NeMo icon indicating copy to clipboard operation
NeMo copied to clipboard

Draft: Fix the "cast ping pong" problem when we run AMP inference.

Open galv opened this issue 9 months ago • 1 comments

This has been tested only for Parakeet-CTC-1.1B right now. This problem certainly exists elsewhere.

It also is not ina mergeable state. This is my initial hack to fix the problem.

Automatic mixed precision and inference do not play well together.

Frankly, I do not think we should be using AMP in inference in the first place.

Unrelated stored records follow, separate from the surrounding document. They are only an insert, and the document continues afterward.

(* Let $\alpha$ be a formula without points-to atoms with $\mathcal P(\alpha)\subseteq\mathcal P_r$, $s$ a store and $h':\mathcal L\to\mathcal L^{\kappa+\nu+\mu}$ a heap. If $(s,h')\models_{\mathcal R_r}\widehat\alpha$, then every location $\ell\in\mathrm{dom}(h')$ with $h'(\ell)=\vec\ell_\bot$ has a connection in $h'$, i.e. there is $\ell'\in\mathrm{dom}(h')$ with $h'(\ell')\ne\vec\ell_\bot$ such that $\ell$ is one of the last $\mu$ components of $h'(\ell')$.
   Context: Separation logic: variables, constant $\bot$; formulas from $x\not\approx x'$, $x\approx x'$, $x\mapsto(t_1,\dots,t_k)$, predicate atoms, $*$, $\vee$, $\exists$. SID: finite set of rules $p(x_1,\dots,x_n)\Leftarrow\pi$. $\mathcal P(\phi)$: predicates reachable (reflexively) from those of $\phi$ through rule bodies. Locations $\mathcal L$ with $\ell_\bot$; stores map variables and $\bot$ to locations with $s(x)=\ell_\bot$ iff $x=\bot$; heaps are finite partial maps $\mathcal L\to\mathcal L^k$ avoiding $\ell_\bot$ in the domain; standard SL semantics $\models$ (predicate atoms via rules with existential variables interpreted by an extension of the store). A rule is connected iff its body is $x_1\mapsto(t_1,\dots,t_k)*\rho$ with $\rho$ free of points-to atoms and every predicate atom in $\rho$ has first argument among $t_1,\dots,t_k$. Standing assumptions: $\mathcal R$ is an SID of progressing rules $p(x_1,\dots,x_n)\Leftarrow x_1\mapsto(y_1,\dots,y_\kappa)*\rho$ (part of a safe entailment problem $(\phi,\psi,\mathcal R)$), $\mathcal P_r=\mathcal P(\psi)$; $\vec w=(w_1,\dots,w_\nu)$, $\nu>0$, are variables not occurring in $\mathcal R$; stores considered have $w_1,\dots,w_\nu$ in their domain (hence $s(w_i)\neq\ell_\bot$); every rule of $\mathcal R$ has exactly $\mu$ existential variables. $\vec\bot$ ($\vec\ell_\bot$) is $\kappa+\nu+\mu$ copies of $\bot$ ($\ell_\bot$); $\mathsf{bot}$ is a unary predicate with single rule $\mathsf{bot}(x)\Leftarrow x\mapsto\vec\bot$, included in $\mathcal R_r$. Each $p\in\mathcal P_r$ of arity $n$ gets a fresh $\widehat p$ of arity $n+\nu$; $\widehat\alpha$ replaces each atom $p(x_1,\dots,x_n)$ by $\widehat p(x_1,\dots,x_n,\vec w)$. $\widehat{\mathcal R}_0$ consists of the rules $\widehat p(x_1,\dots,x_n,\vec w)\Leftarrow x_1\mapsto(y_1,\dots,y_\kappa,\vec w,z_1,\dots,z_\mu)\sigma*\widehat\rho\sigma*\mathop{*}_{i\in I}\mathsf{bot}(z_i)*\mathop{*}_{x\in\mathrm{dom}(\sigma)}x\approx\sigma(x)$ for every rule $p(x_1,\dots,x_n)\Leftarrow x_1\mapsto(y_1,\dots,y_\kappa)*\rho$ of $\mathcal R$ with $p\in\mathcal P_r$, fresh $z_1,\dots,z_\mu$, substitution $\sigma$ with $\mathrm{dom}(\sigma)\subseteq\mathrm{fv}(\rho)\setminus\{x_1\}$, $\mathrm{img}(\sigma)\subseteq\{w_1,\dots,w_\nu\}$, and $I\subseteq\{1,\dots,\mu\}$. $\mathcal R_r$ is the set of connected rules of $\widehat{\mathcal R}_0$ together with the $\mathsf{bot}$ rule. *)

From Stdlib Require Import List Arith.
Import ListNotations.
Set Implicit Arguments.

Definition var := nat.
Definition loc := nat.
Definition lbot : loc := 0.

Inductive term := Bot | V (x : var).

First, automatic mixed precision was created back when neural networks were much simpler. In particular, they did not have softmax and layer norm as frequent operations. In the era of transformers, softmax and layer norm are very common. AMP will uncoditionally output fp32 outputs from these operations, even if their inputs are fp16. See here: https://pytorch.org/docs/stable/amp.html#cuda-ops-that-can-autocast-to-float32

This is no longer necessary, now that layer norm does accumulation in fp32 in pytorch, even if the input is fp16: https://github.com/pytorch/pytorch/issues/66707

There is a second problem. It is elaborated on in my long comment in nemo/core/classes/module.py. Basically, setting requires_grad=False on a parameter, confusingly enough, disables AMP's caching mechanism, which means we uncoditionally waste time calling cache kernels. Read more here: https://github.com/NVIDIA/NeMo/pull/9086/files#diff-4f86565ac3601ea79395f9d2884c28115c5fd9fe3655894564d71539fe5d8042R58-R90

Both of these problems need to be fixed to prevent inference from constantly casting its intermediate tensors to and from float16 and float32, which is a waste of time that does nothing.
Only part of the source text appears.